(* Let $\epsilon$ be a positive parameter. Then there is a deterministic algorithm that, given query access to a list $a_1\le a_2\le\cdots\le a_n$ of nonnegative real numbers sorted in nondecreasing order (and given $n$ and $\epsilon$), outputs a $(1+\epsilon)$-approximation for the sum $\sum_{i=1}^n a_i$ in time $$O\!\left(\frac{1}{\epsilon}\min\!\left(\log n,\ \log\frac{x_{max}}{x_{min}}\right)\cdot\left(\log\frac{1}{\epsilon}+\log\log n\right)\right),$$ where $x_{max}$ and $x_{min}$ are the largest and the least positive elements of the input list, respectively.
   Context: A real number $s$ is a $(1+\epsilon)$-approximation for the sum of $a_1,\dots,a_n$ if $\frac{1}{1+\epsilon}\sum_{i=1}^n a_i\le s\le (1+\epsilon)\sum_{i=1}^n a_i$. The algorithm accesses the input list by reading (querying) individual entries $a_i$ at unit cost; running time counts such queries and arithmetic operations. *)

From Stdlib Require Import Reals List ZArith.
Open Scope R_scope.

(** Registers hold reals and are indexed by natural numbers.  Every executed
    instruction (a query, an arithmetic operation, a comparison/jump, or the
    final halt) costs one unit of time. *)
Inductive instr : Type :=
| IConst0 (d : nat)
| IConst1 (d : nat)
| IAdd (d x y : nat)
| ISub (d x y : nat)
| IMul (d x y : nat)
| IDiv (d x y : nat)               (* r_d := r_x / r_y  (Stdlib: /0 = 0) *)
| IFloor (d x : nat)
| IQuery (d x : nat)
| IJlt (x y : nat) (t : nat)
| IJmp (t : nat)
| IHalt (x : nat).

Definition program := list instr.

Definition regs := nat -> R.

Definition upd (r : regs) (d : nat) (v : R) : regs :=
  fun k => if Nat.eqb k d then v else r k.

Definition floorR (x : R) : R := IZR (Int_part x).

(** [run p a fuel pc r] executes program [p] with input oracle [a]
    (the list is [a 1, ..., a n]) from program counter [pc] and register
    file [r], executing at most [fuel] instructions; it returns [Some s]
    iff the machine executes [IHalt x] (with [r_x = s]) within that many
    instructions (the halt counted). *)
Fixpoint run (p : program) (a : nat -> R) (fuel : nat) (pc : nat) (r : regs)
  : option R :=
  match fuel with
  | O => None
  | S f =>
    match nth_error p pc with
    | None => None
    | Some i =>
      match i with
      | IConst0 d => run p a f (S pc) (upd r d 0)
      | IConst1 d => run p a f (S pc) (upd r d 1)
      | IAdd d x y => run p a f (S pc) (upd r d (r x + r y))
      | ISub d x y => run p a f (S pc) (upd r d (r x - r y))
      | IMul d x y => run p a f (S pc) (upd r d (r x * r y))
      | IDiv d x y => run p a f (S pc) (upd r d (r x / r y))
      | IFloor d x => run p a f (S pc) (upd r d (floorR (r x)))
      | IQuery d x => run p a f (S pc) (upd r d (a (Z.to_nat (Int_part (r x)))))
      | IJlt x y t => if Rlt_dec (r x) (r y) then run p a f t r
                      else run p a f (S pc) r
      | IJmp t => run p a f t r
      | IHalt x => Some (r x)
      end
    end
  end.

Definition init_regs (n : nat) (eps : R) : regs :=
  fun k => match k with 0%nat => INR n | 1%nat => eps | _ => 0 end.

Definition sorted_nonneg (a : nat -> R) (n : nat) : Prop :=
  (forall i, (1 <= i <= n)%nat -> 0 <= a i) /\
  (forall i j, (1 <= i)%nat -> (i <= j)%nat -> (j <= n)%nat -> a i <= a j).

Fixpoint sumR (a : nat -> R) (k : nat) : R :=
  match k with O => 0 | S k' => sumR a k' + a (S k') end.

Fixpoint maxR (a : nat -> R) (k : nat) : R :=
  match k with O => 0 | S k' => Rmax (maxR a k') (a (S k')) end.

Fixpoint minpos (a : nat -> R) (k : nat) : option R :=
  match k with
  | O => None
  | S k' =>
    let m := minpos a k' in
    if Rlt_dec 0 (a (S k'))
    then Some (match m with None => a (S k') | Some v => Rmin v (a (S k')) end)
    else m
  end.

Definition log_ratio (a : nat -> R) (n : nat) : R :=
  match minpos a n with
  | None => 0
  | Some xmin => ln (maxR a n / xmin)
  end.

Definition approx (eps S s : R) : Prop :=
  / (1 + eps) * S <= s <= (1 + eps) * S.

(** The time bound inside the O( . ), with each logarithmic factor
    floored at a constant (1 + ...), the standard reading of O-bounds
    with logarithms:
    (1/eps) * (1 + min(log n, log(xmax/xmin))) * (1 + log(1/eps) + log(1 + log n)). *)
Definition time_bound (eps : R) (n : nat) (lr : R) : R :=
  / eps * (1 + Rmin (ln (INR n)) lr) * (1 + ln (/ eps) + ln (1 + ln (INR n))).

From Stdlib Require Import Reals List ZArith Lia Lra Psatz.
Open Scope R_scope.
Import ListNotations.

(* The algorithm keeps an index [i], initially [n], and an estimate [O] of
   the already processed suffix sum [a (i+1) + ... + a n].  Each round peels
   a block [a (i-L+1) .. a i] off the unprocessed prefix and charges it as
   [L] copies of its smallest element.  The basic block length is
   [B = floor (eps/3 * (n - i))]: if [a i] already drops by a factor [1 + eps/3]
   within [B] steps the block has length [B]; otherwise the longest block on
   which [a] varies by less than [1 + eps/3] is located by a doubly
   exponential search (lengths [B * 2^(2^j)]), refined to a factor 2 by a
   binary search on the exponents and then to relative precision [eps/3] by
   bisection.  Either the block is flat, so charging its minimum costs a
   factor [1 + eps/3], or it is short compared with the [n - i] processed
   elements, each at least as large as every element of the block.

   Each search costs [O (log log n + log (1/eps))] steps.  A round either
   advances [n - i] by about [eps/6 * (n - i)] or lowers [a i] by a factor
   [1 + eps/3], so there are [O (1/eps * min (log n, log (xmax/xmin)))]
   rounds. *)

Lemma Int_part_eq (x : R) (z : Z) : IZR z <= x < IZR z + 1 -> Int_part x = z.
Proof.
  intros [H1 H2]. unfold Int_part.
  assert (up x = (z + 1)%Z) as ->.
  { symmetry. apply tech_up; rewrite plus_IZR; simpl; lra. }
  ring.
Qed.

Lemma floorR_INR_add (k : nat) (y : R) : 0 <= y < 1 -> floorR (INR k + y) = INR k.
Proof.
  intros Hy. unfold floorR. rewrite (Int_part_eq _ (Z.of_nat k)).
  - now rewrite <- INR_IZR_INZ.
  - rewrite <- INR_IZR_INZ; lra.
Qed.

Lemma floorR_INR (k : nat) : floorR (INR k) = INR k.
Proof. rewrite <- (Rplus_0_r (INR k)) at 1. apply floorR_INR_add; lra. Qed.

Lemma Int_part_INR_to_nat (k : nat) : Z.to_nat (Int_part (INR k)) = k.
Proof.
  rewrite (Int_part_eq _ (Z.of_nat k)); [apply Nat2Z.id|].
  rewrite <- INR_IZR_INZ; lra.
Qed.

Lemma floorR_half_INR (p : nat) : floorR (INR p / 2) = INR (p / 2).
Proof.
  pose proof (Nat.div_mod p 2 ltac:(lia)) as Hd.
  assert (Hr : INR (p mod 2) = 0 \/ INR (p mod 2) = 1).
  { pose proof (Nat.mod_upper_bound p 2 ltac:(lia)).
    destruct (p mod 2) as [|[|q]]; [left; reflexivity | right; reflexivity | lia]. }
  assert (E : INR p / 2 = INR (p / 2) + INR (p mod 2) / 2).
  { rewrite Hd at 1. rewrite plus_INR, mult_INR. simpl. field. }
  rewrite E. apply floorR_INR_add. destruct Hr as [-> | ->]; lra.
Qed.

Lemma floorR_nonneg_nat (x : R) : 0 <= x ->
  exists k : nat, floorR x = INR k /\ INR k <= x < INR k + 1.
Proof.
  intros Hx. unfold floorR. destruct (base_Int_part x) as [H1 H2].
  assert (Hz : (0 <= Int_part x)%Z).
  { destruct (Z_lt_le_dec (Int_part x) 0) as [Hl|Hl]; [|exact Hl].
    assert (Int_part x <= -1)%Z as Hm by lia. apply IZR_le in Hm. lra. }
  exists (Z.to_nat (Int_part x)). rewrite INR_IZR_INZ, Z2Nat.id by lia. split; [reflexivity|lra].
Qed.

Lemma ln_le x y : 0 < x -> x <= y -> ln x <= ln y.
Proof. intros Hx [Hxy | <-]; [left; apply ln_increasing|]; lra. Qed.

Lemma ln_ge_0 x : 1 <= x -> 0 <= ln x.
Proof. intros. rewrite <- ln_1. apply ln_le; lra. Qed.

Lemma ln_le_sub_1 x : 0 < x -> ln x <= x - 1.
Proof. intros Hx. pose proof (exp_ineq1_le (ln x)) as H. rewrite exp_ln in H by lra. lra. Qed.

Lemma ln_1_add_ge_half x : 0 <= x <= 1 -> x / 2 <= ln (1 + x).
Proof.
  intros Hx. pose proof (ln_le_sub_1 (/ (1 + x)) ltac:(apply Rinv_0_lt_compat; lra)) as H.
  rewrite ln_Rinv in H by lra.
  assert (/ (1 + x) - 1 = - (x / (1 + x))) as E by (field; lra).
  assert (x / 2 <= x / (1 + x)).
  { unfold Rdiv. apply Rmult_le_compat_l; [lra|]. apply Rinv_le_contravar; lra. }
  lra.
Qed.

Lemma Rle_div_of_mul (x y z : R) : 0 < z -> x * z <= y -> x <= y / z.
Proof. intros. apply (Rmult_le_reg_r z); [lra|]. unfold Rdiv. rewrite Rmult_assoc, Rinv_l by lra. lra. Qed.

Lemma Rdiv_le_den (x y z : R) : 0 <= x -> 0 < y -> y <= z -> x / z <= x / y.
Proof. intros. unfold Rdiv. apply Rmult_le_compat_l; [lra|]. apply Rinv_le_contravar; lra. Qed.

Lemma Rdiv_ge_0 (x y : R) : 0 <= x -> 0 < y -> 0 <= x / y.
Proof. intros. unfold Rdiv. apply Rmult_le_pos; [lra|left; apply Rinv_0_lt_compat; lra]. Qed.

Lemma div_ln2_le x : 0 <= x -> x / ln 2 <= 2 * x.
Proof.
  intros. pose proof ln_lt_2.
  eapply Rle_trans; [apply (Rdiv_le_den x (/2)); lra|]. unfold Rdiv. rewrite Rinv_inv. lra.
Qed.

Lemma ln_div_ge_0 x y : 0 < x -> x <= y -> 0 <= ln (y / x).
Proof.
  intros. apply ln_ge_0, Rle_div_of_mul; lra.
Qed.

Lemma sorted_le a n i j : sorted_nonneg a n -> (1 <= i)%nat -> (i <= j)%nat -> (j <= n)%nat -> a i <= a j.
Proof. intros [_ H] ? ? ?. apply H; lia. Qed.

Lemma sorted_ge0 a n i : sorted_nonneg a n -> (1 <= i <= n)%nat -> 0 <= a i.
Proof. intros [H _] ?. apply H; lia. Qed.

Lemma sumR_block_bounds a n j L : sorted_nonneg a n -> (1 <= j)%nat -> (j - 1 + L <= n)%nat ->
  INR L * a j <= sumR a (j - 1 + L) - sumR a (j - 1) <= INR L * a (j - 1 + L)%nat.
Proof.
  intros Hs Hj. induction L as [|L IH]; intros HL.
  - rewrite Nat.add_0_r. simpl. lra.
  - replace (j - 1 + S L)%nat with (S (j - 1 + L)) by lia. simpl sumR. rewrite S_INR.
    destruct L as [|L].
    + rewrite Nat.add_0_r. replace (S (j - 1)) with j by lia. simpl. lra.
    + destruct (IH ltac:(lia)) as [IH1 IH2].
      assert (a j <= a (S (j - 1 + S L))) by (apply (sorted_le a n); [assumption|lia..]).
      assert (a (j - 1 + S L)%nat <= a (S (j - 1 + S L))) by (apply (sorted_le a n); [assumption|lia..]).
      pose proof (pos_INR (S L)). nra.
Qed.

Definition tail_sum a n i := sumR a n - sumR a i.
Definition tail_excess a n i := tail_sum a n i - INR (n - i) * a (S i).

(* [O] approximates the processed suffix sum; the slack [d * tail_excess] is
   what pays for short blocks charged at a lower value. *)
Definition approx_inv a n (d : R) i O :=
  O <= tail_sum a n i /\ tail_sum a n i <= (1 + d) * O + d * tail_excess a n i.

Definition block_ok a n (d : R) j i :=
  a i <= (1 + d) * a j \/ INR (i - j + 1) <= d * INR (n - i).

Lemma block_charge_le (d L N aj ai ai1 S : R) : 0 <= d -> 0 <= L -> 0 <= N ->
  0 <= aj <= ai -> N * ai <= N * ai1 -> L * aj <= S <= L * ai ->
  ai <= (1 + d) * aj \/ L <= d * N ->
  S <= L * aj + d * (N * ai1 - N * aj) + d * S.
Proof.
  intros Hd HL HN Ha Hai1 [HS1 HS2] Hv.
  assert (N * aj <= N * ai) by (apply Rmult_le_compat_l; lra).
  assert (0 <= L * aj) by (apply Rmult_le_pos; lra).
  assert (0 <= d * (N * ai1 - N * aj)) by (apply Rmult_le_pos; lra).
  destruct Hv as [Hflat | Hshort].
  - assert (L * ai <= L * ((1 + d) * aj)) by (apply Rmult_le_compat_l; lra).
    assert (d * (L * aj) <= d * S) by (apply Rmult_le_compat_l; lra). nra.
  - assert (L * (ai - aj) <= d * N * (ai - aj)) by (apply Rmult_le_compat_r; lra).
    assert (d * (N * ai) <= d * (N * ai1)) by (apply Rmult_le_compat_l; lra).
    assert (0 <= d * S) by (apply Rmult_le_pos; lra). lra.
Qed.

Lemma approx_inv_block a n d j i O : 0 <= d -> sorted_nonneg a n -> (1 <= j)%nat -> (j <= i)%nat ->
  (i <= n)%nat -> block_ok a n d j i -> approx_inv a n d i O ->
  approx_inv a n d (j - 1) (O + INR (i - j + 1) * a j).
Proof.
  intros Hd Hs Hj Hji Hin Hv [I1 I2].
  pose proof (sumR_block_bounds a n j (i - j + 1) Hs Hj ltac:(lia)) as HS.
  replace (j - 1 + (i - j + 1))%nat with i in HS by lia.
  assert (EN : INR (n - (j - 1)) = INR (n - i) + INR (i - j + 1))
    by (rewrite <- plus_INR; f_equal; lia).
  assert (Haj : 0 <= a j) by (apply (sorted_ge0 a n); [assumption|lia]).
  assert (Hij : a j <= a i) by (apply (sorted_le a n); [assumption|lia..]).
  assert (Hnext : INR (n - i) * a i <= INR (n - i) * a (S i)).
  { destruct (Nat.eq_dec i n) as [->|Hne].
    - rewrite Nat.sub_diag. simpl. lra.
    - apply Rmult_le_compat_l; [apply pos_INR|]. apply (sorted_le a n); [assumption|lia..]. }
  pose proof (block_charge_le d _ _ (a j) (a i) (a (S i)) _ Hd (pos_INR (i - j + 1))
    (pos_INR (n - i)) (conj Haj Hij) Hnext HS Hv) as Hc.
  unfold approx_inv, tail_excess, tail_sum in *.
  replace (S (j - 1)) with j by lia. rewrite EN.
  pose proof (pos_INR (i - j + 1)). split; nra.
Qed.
□ □ □ □ □
### [Problem to work on]
Among the entries above, the line containing "rewrite ln_Rinv in H by lra.", the line containing "Proof. intros. unfold Rdiv. apply Rmult_le_compat_l;", and all lines between them are to be restated word for word; nothing else belongs in the reply.

### [Problem solution]
  rewrite ln_Rinv in H by lra.
  assert (/ (1 + x) - 1 = - (x / (1 + x))) as E by (field; lra).
  assert (x / 2 <= x / (1 + x)).
  { unfold Rdiv. apply Rmult_le_compat_l; [lra|]. apply Rinv_le_contravar; lra. }
  lra.
Qed.

Lemma Rle_div_of_mul (x y z : R) : 0 < z -> x * z <= y -> x <= y / z.
Proof. intros. apply (Rmult_le_reg_r z); [lra|]. unfold Rdiv. rewrite Rmult_assoc, Rinv_l by lra. lra. Qed.

Lemma Rdiv_le_den (x y z : R) : 0 <= x -> 0 < y -> y <= z -> x / z <= x / y.
Proof. intros. unfold Rdiv. apply Rmult_le_compat_l; [lra|]. apply Rinv_le_contravar; lra. Qed.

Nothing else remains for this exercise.